As with Jason Rohrer's
previous game Passage
is an autobiographical game and it has a similar visual style. No explanation of the goal or the game mechanics is given and just like Rob Humble's
art games a large part of the appeal is in discovering the gameplay. As such, the rest of the description below can be considered a spoiler and should not be read before first playing the game.Gravitation
is played as a metaphor of how the protagonist's moods and creative endeavors affect his family and vice versa. The player controls a bitmapped character in an environment that can only be explored vertically. The only other character is a small boy, Rohrer's son Mez. A single gameplay session consists of eight minutes with a clock counting down the seconds. By climbing platforms, the player collects blue stars (prizes) that drop down to the lowest level. As soon as they hit the ground, a number appears on them, counting down from nine to one. To collect the points, the blocks need to be pushed into a fireplace, but if the player stacks too many before coming back down, it becomes hard to move them around. Collecting the stars is not a goal by itself, the player can choose to play with Mez all the time and not achieve anything else, or go for the stars with the chance of having Mez disappear.
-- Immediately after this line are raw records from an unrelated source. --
Lemma flip_exists :
  ~ ((I = X /\ J = Y) \/ (I = Y /\ J = X)) -> exists a b, b < k /\ flip I J X a b.
Proof.
have eq_seq s t : inV k n s -> inV k n t -> (forall l, l < k -> s`@l = t`@l) -> s = t.
  move=> hs ht E; apply: (@eq_from_nth _ 0) => [|l]; rewrite !(inV_size hs) ?(inV_size ht) //.
  exact: E.
move=> hne.
case: (boolP [exists a : 'I_k, (I`@a != J`@a) && (X`@a != I`@a)]) =>
    [/existsP [a /andP [Pa sa]] | /existsPn H1]; last first.
  exfalso; apply: hne; left.
  have E l : l < k -> X`@l = I`@l /\ Y`@l = J`@l.
    by move=> hl; have := H1 (Ordinal hl); case: (rows hl); case: eqP; case: eqP => //=; lia.
  by split; apply: eq_seq => // l hl; have := E l hl; lia.
case: (boolP [exists b : 'I_k, (I`@b != J`@b) && (X`@b == I`@b)]) =>
    [/existsP [b /andP [Pb sb]] | /existsPn H2]; last first.
  exfalso; apply: hne; right.
  have E l : l < k -> X`@l = J`@l /\ Y`@l = I`@l.
    by move=> hl; have := H2 (Ordinal hl); case: (rows hl); case: eqP; case: eqP => //=; lia.
  by split; apply: eq_seq => // l hl; have := E l hl; lia.
case: (ltngtP a b) => h.
- by exists a, b; split => //; rewrite /flip h Pa Pb sb (negbTE sa).
- by exists b, a; split => //; rewrite /flip h Pa Pb sb (negbTE sa).
- by exfalso; rewrite (val_inj h) sb in sa.
Qed.

Lemma pair_prod_eq_or_flip a b : a < b -> b < k ->
  pair_prod X Y a b = pair_prod I J a b \/ flip I J X a b.
Proof.
move=> hab hb; rewrite /pair_prod /flip hab.
case: (rows (ltn_trans hab hb)) => -[-> ->]; case: (rows hb) => -[-> ->];
  rewrite ?eqxx /=; try by left; lia.
- by case: eqP => [->|]; case: eqP => [->|] //=; [left..|right]; lia.
- by case: eqP => [->|]; case: eqP => [->|] //=; [left..|right]; lia.
Qed.

Hypothesis nIJ : noncrossing k I J.

Lemma flip_gap_swap a b : b < k -> flip I J X a b ->
  (forall l, a < l -> l < b -> I`@l = J`@l) ->
  pair_prod I J a b < pair_prod X Y a b /\ ~ noncrossing k X Y.
Proof.
move=> hb /and4P [hab Pa Pb hs] gap.
have lt_ab s : inV k n s -> s`@a < s`@b by move=> hV; exact: inV_nth_lt hV hab hb.
have nc := nIJ hab hb gap.
have gapXY l : a < l -> l < b -> X`@l = Y`@l.
  by move=> h1 h2; have := gap l h1 h2; case: (rows (ltn_trans h2 hb)); lia.
have crossXY : arcs_cross (X`@a) (X`@b) (Y`@a) (Y`@b) -> ~ noncrossing k X Y.
  by move=> hc nXY; exact: nXY a b hab hb gapXY hc.
have swap := swap_noncrossing_arcs (lt_ab I hI) (lt_ab J hJ) _ _ Pa Pb nc.
have hXa := lt_ab X hX; have hYa := lt_ab Y hY.
rewrite /pair_prod.
case: (rows (ltn_trans hab hb)) => -[ea fa]; case: (rows hb) => -[eb fb];
  rewrite ea fa eb fb in hs hXa hYa crossXY *.
- by rewrite !eqxx in hs.
- have [hc hp] := swap hXa hYa.
  by split; [lia | exact: crossXY].
- have [hc hp] := swap hYa hXa.
  by split; [lia | apply: crossXY; rewrite arcs_crossC].
- by move: hs; rewrite ![J`@_ == _]eq_sym (negbTE Pa) (negbTE Pb).
Qed.

Lemma pair_prod_le_min_flip a0 b0 : b0 < k -> flip I J X a0 b0 ->
  (forall a' b', b' < k -> flip I J X a' b' -> b0 - a0 <= b' - a') ->
  forall a b, a < b < k -> b - a <= b0 - a0 -> pair_prod I J a b <= pair_prod X Y a b.
Proof.
move=> hb0 hf0 hmin a b /andP [hab hbk] hd.
case: (pair_prod_eq_or_flip hab hbk) => [-> // | hf].
have hmin' a' b' : b' < k -> flip I J X a' b' -> b - a <= b' - a'.
  by move=> hb' hf'; have := hmin a' b' hb' hf'; have := hmin a b hbk hf; lia.
by apply: ltnW; case: (flip_gap_swap hbk hf (min_flip_gap hbk hf hmin')).
Qed.

End FlipPairs.

Open Scope ring_scope.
Mez is on the lowest level and he throws a ball the protagonist can return. This clears up the sky (and the character's mind) and allows the main character to jump and reach higher areas. At the same time, the frame size grows. When staying up the higher levels too long, Mez will disappear, leaving behind the red ball, most likely as an affirmation of the player's greed or neglect. It is not possible to collect all stars at once, grab all of them, or reach the top of the level. After a while, the frame size shrinks again, the environment turns cold and the main character can barely jump. This can be restored by returning to the lowest level, pushing stars into the fire or by playing with Mez. The entire sky also clears up when flames come out of the player's head, possibly referring to a manic or mad state, providing a short burst of motivation before eventually returning to depression.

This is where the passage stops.